There was a refactoring a few years after [2] which organized all asan
reports into simple structs to view them in debugger. It should be quite
straightforward to serialize them into json.
If it's a part of compiler-rt and we have to maintain that, I'd prefer to
maintain direct json serialization then report->json converter.

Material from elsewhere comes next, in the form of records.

Lemma distZ_hom_witness d i js e : NoDup (i :: js) -> (i < M)%nat ->
  (forall t, In t js -> (t < M)%nat) ->
  (forall t, In t js -> distZ (F (spike t d) c - F (spike i d) c) <= e) ->
  distZ (F (witness d i js) c) <= INR (length js) * e.
Proof.
  induction js as [|j js IH]; intros Hnd Hi Hjs Hclose.
  - eapply Rle_trans; [apply (distZ_le_congr _ 0)|].
    + apply (isInt_add_eq (F (witness d i nil) c - F (fun _ => 0) c) (F (fun _ => 0) c)).
      * apply hom_ext; [apply witness_supported; auto | intros n _; reflexivity | apply witness_nil].
      * apply hom_zero.
      * ring.
    + rewrite distZ_0. simpl. lra.
  - assert (Hnd' : NoDup (i :: js)) by exact (NoDup_remove_1 (i :: nil) js j Hnd).
    assert (Hj : (j < M)%nat) by (apply Hjs; left; reflexivity).
    set (a := fun n => spike j d n - spike i d n).
    set (b := witness d i js).
    assert (Ha : supported_below M a) by (apply supported_below_minus; apply spike_supported; auto).
    assert (Hb : supported_below M b) by (apply witness_supported; auto; intros; apply Hjs; right; auto).
    assert (Hstep : isInt (F (witness d i (j :: js)) c
                           - ((F (spike j d) c - F (spike i d) c) + F b c))).
    { apply (isInt_add_eq (F (witness d i (j :: js)) c - F (fun n => a n + b n) c)
               ((F (fun n => a n + b n) c - F a c - F b c)
                + (F a c - (F (spike j d) c - F (spike i d) c)))).
      - apply hom_ext; auto using witness_supported, supported_below_plus.
        apply witness_cons; auto.
      - eapply isInt_add_eq; [apply (hom_add a b Ha Hb) | | reflexivity].
        apply hom_sub; apply spike_supported; auto.
      - ring. }
    eapply Rle_trans; [apply (distZ_le_congr _ _ Hstep)|].
    eapply Rle_trans; [apply distZ_triangle|].
    cbn [length]. rewrite S_INR.
    assert (distZ (F b c) <= INR (length js) * e)
      by (apply IH; auto; intros t Ht; [apply Hjs | apply Hclose]; right; auto).
    assert (distZ (F (spike j d) c - F (spike i d) c) <= e) by (apply Hclose; left; auto).
    lra.
Qed.

End Homomorphism.

Lemma clustered_indices (F : (nat -> R) -> nat -> R) d k q N : (0 < N)%nat ->
  exists i js, NoDup (i :: js) /\ length js = q /\
    (forall t, In t (i :: js) -> (t < S (N ^ k * q))%nat) /\
    forall c, (c < k)%nat -> forall t, In t js ->
      distZ (F (spike t d) c - F (spike i d) c) <= / INR N.
Proof.
  intros HN. set (col := fun n c => cell N (F (spike n d) c)).
  destruct (monochromatic_sublist_colors col N (fun n c => cell_lt N _ HN) k q
              (seq 0 (S (N ^ k * q)))) as ([|i rest] & Hincl & Hnd & Hlen & Hmono).
  { apply seq_NoDup. } { rewrite length_seq. lia. } { simpl in Hlen. lia. }
  set (js := firstn q rest).
  assert (Hsplit : js ++ skipn q rest = rest) by apply firstn_skipn.
  assert (Hjs : incl js rest) by (intros t Ht; rewrite <- Hsplit; apply in_or_app; auto).
  assert (Hsub : incl (i :: js) (i :: rest)) by (apply incl_cons; [left | apply incl_tl]; auto).
  exists i, js. repeat split.
  - apply NoDup_cons_iff in Hnd as [Hi Hrest]. constructor.
    + intros Hin. apply Hi, Hjs, Hin.
    + apply (NoDup_app_remove_r _ (skipn q rest)). rewrite Hsplit. exact Hrest.
  - unfold js. rewrite length_firstn. simpl in Hlen. lia.
  - intros t Ht. apply Hsub, Hincl, in_seq in Ht. lia.
  - intros c Hc t Ht. apply cell_close; auto. apply (Hmono c Hc); apply Hsub; [right | left]; auto.
Qed.
(* For every default ABMN solution, the central ratio $\frac{n_{-1}-n_0}{m_0-m_{-1}}$ lies in $(0,\infty)$. For every $x\in(0,\infty)$ there is exactly one default ABMN solution whose central ratio equals $x$.
   Context: ABMN system on $\mathbb{Z}$: real variables $a_i,b_i\ge0$, $m_i,n_i$ with, for all $i$, $(a_i+b_i)(m_i+a_i)=a_im_{i+1}+b_im_{i-1}$, $(a_i+b_i)(n_i+b_i)=a_in_{i+1}+b_in_{i-1}$, $(a_i+b_i)^2=b_i(m_{i+1}-m_{i-1})$, $(a_i+b_i)^2=a_i(n_{i-1}-n_{i+1})$. Solutions considered are positive ($a_i,b_i>0$ for all $i$), so $m_{\pm\infty}=\lim_{i\to\pm\infty}m_i$, $n_{\pm\infty}=\lim_{i\to\pm\infty}n_i$ exist in $\mathbb{R}$. A (positive) solution is default if $m_{-\infty}=0$, $n_\infty=0$ and $m_0-m_{-1}=1$. The central ratio is $\frac{n_{-1}-n_0}{m_0-m_{-1}}$. *)

From Stdlib Require Import Reals ZArith.
Open Scope R_scope.

Definition ABMN (a b m n : Z -> R) : Prop :=
  forall i : Z,
    (a i + b i) * (m i + a i) = a i * m (i + 1)%Z + b i * m (i - 1)%Z /\
    (a i + b i) * (n i + b i) = a i * n (i + 1)%Z + b i * n (i - 1)%Z /\
    (a i + b i) ^ 2 = b i * (m (i + 1)%Z - m (i - 1)%Z) /\
    (a i + b i) ^ 2 = a i * (n (i - 1)%Z - n (i + 1)%Z).

Definition positive_ABMN (a b m n : Z -> R) : Prop :=
  ABMN a b m n /\ forall i : Z, 0 < a i /\ 0 < b i.

Definition lim_pinfty (u : Z -> R) (L : R) : Prop :=
  forall eps : R, 0 < eps -> exists N : Z, forall i : Z, (N <= i)%Z -> Rabs (u i - L) < eps.
Definition lim_minfty (u : Z -> R) (L : R) : Prop :=
  forall eps : R, 0 < eps -> exists N : Z, forall i : Z, (i <= N)%Z -> Rabs (u i - L) < eps.

Definition default_ABMN (a b m n : Z -> R) : Prop :=
  positive_ABMN a b m n /\ lim_minfty m 0 /\ lim_pinfty n 0 /\
  m 0%Z - m (-1)%Z = 1.

Definition central_ratio (m n : Z -> R) : R :=
  (n (-1)%Z - n 0%Z) / (m 0%Z - m (-1)%Z).

From Stdlib Require Import Reals Lra Lia Psatz ZArith.
Open Scope R_scope.

(* Eliminating m and n, the ABMN equations at a positive solution say exactly that
   m_i - m_(i-1) = a_i^2 / b_i, n_(i-1) - n_i = a_i + 2 b_i, and that consecutive pairs are
   linked by a_(i+1)^2 = b_(i+1) (b_i + 2 a_i) and a_i (a_(i+1) + 2 b_(i+1)) = b_i^2.
   For positive pairs this relation determines (a_(i+1), b_(i+1)) from (a_i, b_i) and,
   since it is symmetric under reversing the order and exchanging a with b, also
   (a_i, b_i) from (a_(i+1), b_(i+1)).  A default solution has b_0 = a_0^2 and central ratio
   a_0 + 2 b_0, so the ratio is positive and fixes (a, b) everywhere; m and n are then fixed
   by their increments and their limits.
   For existence, run the recursion in both directions from (a_0, a_0^2); the increments
   of m towards -oo and of n towards +oo are both sums of p + 2q along forward orbits
   (p, q) of the recursion.  The potential p^2 / (q (p + 2q)) grows at least ninefold at
   each step, so eventually q <= p, and from then on p + 2q shrinks at least threefold. *)

(** * The ABMN equations in terms of increments *)

Lemma m_equations_iff A B m0 m1 m2 : 0 < A -> 0 < B ->
  ((A + B) * (m1 + A) = A * m2 + B * m0 /\ (A + B) ^ 2 = B * (m2 - m0)) <->
  (m1 - m0 = A ^ 2 / B /\ m2 - m1 = B + 2 * A).
Proof.
  intros HA HB; split.
  - intros [H1 H2].
    assert (Hd0 : B * (m1 - m0) = A ^ 2).
    { apply (Rmult_eq_reg_l (A + B)); [|lra].
      replace ((A + B) * (B * (m1 - m0)))
        with (A * (B * (m2 - m0)) - B * (A * m2 + B * m0 - (A + B) * m1)) by ring.
      rewrite <- H2, <- H1; ring. }
    split.
    + apply (Rmult_eq_reg_l B); [|lra]. rewrite Hd0. field. lra.
    + apply (Rmult_eq_reg_l A); [|lra].
      replace (A * (m2 - m1)) with (A * m2 + B * m0 - (A + B) * m1 + B * (m1 - m0)) by ring.
      rewrite <- H1, Hd0; ring.
  - intros [H1 H2].
    assert (Hd0 : B * (m1 - m0) = A ^ 2) by (rewrite H1; field; lra).
    split; nra.
Qed.

Lemma n_equations_iff A B n0 n1 n2 : 0 < A -> 0 < B ->
  ((A + B) * (n1 + B) = A * n2 + B * n0 /\ (A + B) ^ 2 = A * (n0 - n2)) <->
  (n1 - n2 = B ^ 2 / A /\ n0 - n1 = A + 2 * B).
Proof.
  intros HA HB. rewrite <- (m_equations_iff B A n2 n1 n0 HB HA).
  rewrite (Rplus_comm B A), (Rplus_comm (B * n0)). reflexivity.
Qed.

Definition linked (a b a' b' : R) : Prop :=
  a' ^ 2 = b' * (b + 2 * a) /\ a * (a' + 2 * b') = b ^ 2.

Lemma linked_swap a b a' b' : linked a b a' b' -> linked b' a' b a.
Proof. intros [H1 H2]; split; lra. Qed.

Lemma positive_ABMN_iff a b m n : (forall i, 0 < a i /\ 0 < b i) ->
  ABMN a b m n <->
  forall i, m i - m (i - 1)%Z = a i ^ 2 / b i /\ n (i - 1)%Z - n i = a i + 2 * b i /\
            linked (a i) (b i) (a (i + 1)%Z) (b (i + 1)%Z).
Proof.
  intros Hpos; split.
  - intros H i.
    destruct (Hpos i) as [Ha Hb]; destruct (Hpos (i + 1)%Z) as [Ha' Hb'].
    destruct (H i) as [M1 [N1 [M2 N2]]].
    destruct (H (i + 1)%Z) as [M1' [N1' [M2' N2']]]; rewrite Z.add_simpl_r in *.
    destruct (proj1 (m_equations_iff _ _ _ _ _ Ha Hb) (conj M1 M2)) as [Dm Dm1].
    destruct (proj1 (n_equations_iff _ _ _ _ _ Ha Hb) (conj N1 N2)) as [En1 En].
    destruct (proj1 (m_equations_iff _ _ _ _ _ Ha' Hb') (conj M1' M2')) as [Dm' _].
    destruct (proj1 (n_equations_iff _ _ _ _ _ Ha' Hb') (conj N1' N2')) as [_ En'].
    repeat split; trivial.
    + replace (a (i + 1)%Z ^ 2) with (b (i + 1)%Z * (a (i + 1)%Z ^ 2 / b (i + 1)%Z))
        by (field; lra).
      congruence.
    + rewrite <- En', En1; field; lra.
  - intros H i.
    destruct (Hpos i) as [Ha Hb]; destruct (Hpos (i + 1)%Z) as [Ha' Hb'].
    destruct (H i) as [Dm [En [L1 L2]]].
    destruct (H (i + 1)%Z) as [Dm' [En' _]]; rewrite Z.add_simpl_r in *.
    assert (Dm1 : m (i + 1)%Z - m i = b i + 2 * a i).
    { rewrite Dm', L1; field; lra. }
    assert (En1 : n i - n (i + 1)%Z = b i ^ 2 / a i).
    { rewrite En', <- L2; field; lra. }
    destruct (proj2 (m_equations_iff _ _ _ _ _ Ha Hb) (conj Dm Dm1)).
    destruct (proj2 (n_equations_iff _ _ _ _ _ Ha Hb) (conj En1 En)).
    repeat split; assumption.
Qed.

(** * The one-step recursion *)

Lemma quadratic_pair_unique D a b a' b' : 0 < a -> 0 < b -> 0 < a' -> 0 < b' ->
  b * D = a ^ 2 -> b' * D = a' ^ 2 -> a + 2 * b = a' + 2 * b' -> a = a' /\ b = b'.
Proof.
  intros Ha Hb Ha' Hb' H H' Hsum.
  assert (HD : 0 < D) by nra.
  destruct (Rtotal_order a a') as [Hlt | [Heq | Hgt]].
  - exfalso; assert (b' < b) by lra; nra.
  - split; lra.
  - exfalso; assert (b < b') by lra; nra.
Qed.

Lemma linked_unique_next a b a1 b1 a2 b2 :
  0 < a -> 0 < a1 -> 0 < b1 -> 0 < a2 -> 0 < b2 ->
  linked a b a1 b1 -> linked a b a2 b2 -> a1 = a2 /\ b1 = b2.
Proof.
  intros Ha Ha1 Hb1 Ha2 Hb2 [L1 L2] [L1' L2'].
  apply (quadratic_pair_unique (b + 2 * a)); trivial; try lra.
  apply (Rmult_eq_reg_l a); lra.
Qed.

Lemma linked_unique_prev a1 b1 a2 b2 a b :
  0 < b -> 0 < a1 -> 0 < b1 -> 0 < a2 -> 0 < b2 ->
  linked a1 b1 a b -> linked a2 b2 a b -> a1 = a2 /\ b1 = b2.
Proof.
  intros Hb Ha1 Hb1 Ha2 Hb2 L L'.
  destruct (linked_unique_next b a b1 a1 b2 a2) as [E1 E2]; auto using linked_swap.
Qed.

(* [fst (step s)] is the positive root [a'] of [2 a'^2 + P a' = P Q], which is what
   [linked p q a' b'] reduces to once [b' = a'^2 / P] is eliminated. *)
Definition step (s : R * R) : R * R :=
  let P := snd s + 2 * fst s in
  let Q := snd s ^ 2 / fst s in
  let a := (- P + sqrt (P ^ 2 + 8 * P * Q)) / 4 in
  (a, a ^ 2 / P).

Lemma step_spec s : 0 < fst s -> 0 < snd s ->
  0 < fst (step s) /\ 0 < snd (step s) /\ linked (fst s) (snd s) (fst (step s)) (snd (step s)).
Proof.
  destruct s as [p q]; cbn [fst snd]; intros Hp Hq. unfold step; cbn [fst snd].
  set (P := q + 2 * p). set (Q := q ^ 2 / p).
  assert (HP : 0 < P) by (unfold P; lra).
  assert (HQ : 0 < Q) by (unfold Q; apply Rdiv_lt_0_compat; nra).
  assert (HpQ : p * Q = q ^ 2) by (unfold Q; field; lra).
  set (r := sqrt (P ^ 2 + 8 * P * Q)).
  assert (Hr2 : r * r = P ^ 2 + 8 * P * Q) by (apply sqrt_sqrt; nra).
  assert (Hr0 : 0 <= r) by apply sqrt_pos.
  assert (Hr : P < r) by nra.
  set (a := (- P + r) / 4).
  assert (Ha : 0 < a) by (unfold a; lra).
  assert (Hquad : P * a + 2 * a ^ 2 = P * Q) by (unfold a; nra).
  assert (Hroot : a + 2 * (a ^ 2 / P) = Q).
  { apply (Rmult_eq_reg_l P); [|lra]. rewrite <- Hquad; field; lra. }
  repeat split.
  - exact Ha.
  - apply Rdiv_lt_0_compat; nra.
  - fold P; field; lra.
  - rewrite Hroot; exact HpQ.
Qed.

Definition orbit (s : R * R) (k : nat) : R * R := Nat.iter k step s.

Lemma orbit_succ s k : orbit s (S k) = orbit (step s) k.
Proof. apply Nat.iter_succ_r. Qed.

Lemma orbit_pos s k : 0 < fst s -> 0 < snd s ->
  0 < fst (orbit s k) /\ 0 < snd (orbit s k).
Proof.
  intros Hp Hq; induction k as [|k [IHp IHq]]; [auto|].
  unfold orbit; rewrite Nat.iter_succ.
  destruct (step_spec _ IHp IHq) as [H1 [H2 _]]; auto.
Qed.

(** * Summability along orbits *)

Definition stride (s : R * R) : R := fst s + 2 * snd s.

Definition potential (s : R * R) : R := fst s ^ 2 / (snd s * stride s).

Lemma stride_step s : 0 < fst s -> 0 < snd s -> stride (step s) = snd s ^ 2 / fst s.
Proof.
  intros Hp Hq; destruct (step_spec s Hp Hq) as [_ [_ [_ L]]].
  unfold stride; rewrite <- L; field; lra.
Qed.

Lemma Rdiv_le_cross a b c d : 0 < b -> 0 < d -> a * d <= c * b -> a / b <= c / d.
Proof.
  intros Hb Hd H.
  apply (Rmult_le_reg_r (b * d)); [nra|].
  replace (a / b * (b * d)) with (a * d) by (field; lra).
  replace (c / d * (b * d)) with (c * b) by (field; lra).
  exact H.
Qed.

Lemma potential_step s : 0 < fst s -> 0 < snd s -> 9 * potential s <= potential (step s).
Proof.
  intros Hp Hq; destruct (step_spec s Hp Hq) as [Hp' [Hq' [L1 L2]]].
  unfold potential, stride.
  set (p := fst s) in *; set (q := snd s) in *.
  set (p' := fst (step s)) in *; set (q' := snd (step s)) in *.
  clearbody p q p' q'.
  replace (9 * (p ^ 2 / (q * (p + 2 * q)))) with (9 * p ^ 2 / (q * (p + 2 * q))) by (field; lra).
  apply Rdiv_le_cross; [nra | nra |].
  replace (9 * p ^ 2 * (q' * (p' + 2 * q'))) with (9 * p * q' * (p * (p' + 2 * q'))) by ring.
  rewrite L2, L1.
  assert (0 <= q * q' * (p - q) ^ 2) by (apply Rmult_le_pos; [nra | apply pow2_ge_0]).
  replace (q' * (q + 2 * p) * (q * (p + 2 * q)))
    with (9 * p * q' * q ^ 2 + 2 * (q * q' * (p - q) ^ 2)) by ring.
  lra.
Qed.

Lemma stride_step_contract s : 0 < fst s -> 0 < snd s -> snd s <= fst s ->
  stride (step s) <= stride s / 3 /\ snd (step s) <= fst (step s).
Proof.
  intros Hp Hq Hqp; destruct (step_spec s Hp Hq) as [Hp' [Hq' [L1 L2]]].
  unfold stride.
  set (p := fst s) in *; set (q := snd s) in *.
  set (p' := fst (step s)) in *; set (q' := snd (step s)) in *.
  clearbody p q p' q'.
  assert (Hsmall : p' + 2 * q' <= (p + 2 * q) / 3).
  { apply (Rmult_le_reg_l (3 * p)); [lra|].
    replace (3 * p * ((p + 2 * q) / 3)) with (p * (p + 2 * q)) by field.
    assert (0 <= (p - q) * (p + 3 * q)) by (apply Rmult_le_pos; lra).
    nra. }
  split; [exact Hsmall|].
  assert (p' <= q) by nra.
  nra.
Qed.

On Tue, 6 Oct 2020 at 18:32, David Blaikie via llvm-dev <
llvm-dev at lists.llvm.org> wrote:

> My 2c would be to push back a bit more on the "let's not have a machine
> readable format, but instead parse the human readable format" - it seems
> like that's going to make the human readable format/parsing fairly
> brittle/hard to change (I mean, having the parser in tree will help, for
> sure). It'd be interesting to know more about what problems the valgrind
> XML format have had and how/whether different solutions would address/avoid
> those problems. Also might be good to hear about how other tools are
> parsing the output - whether or not/how they might benefit if it were
> machine readable to begin with.
>
> But, yeah, if that's the direction - having an in-tree tool with fairly
> narrow uses could be nice. One action to convert human readable reports to
> json, another to symbolize such a report, a simple tool to render the
> (symbolized or not) data back into human readable form - then sets it up
> for other tools to consume that json and, say, render it in a GUI, perform
> other diagnostics/analysis on the report, etc.
>
> On Tue, Oct 6, 2020 at 6:12 PM Dan Liew via llvm-dev <
> llvm-dev at lists.llvm.org> wrote:
>
>> # Summary
>>
>> Currently the Sanitizer family of runtime bug finding tools (e.g.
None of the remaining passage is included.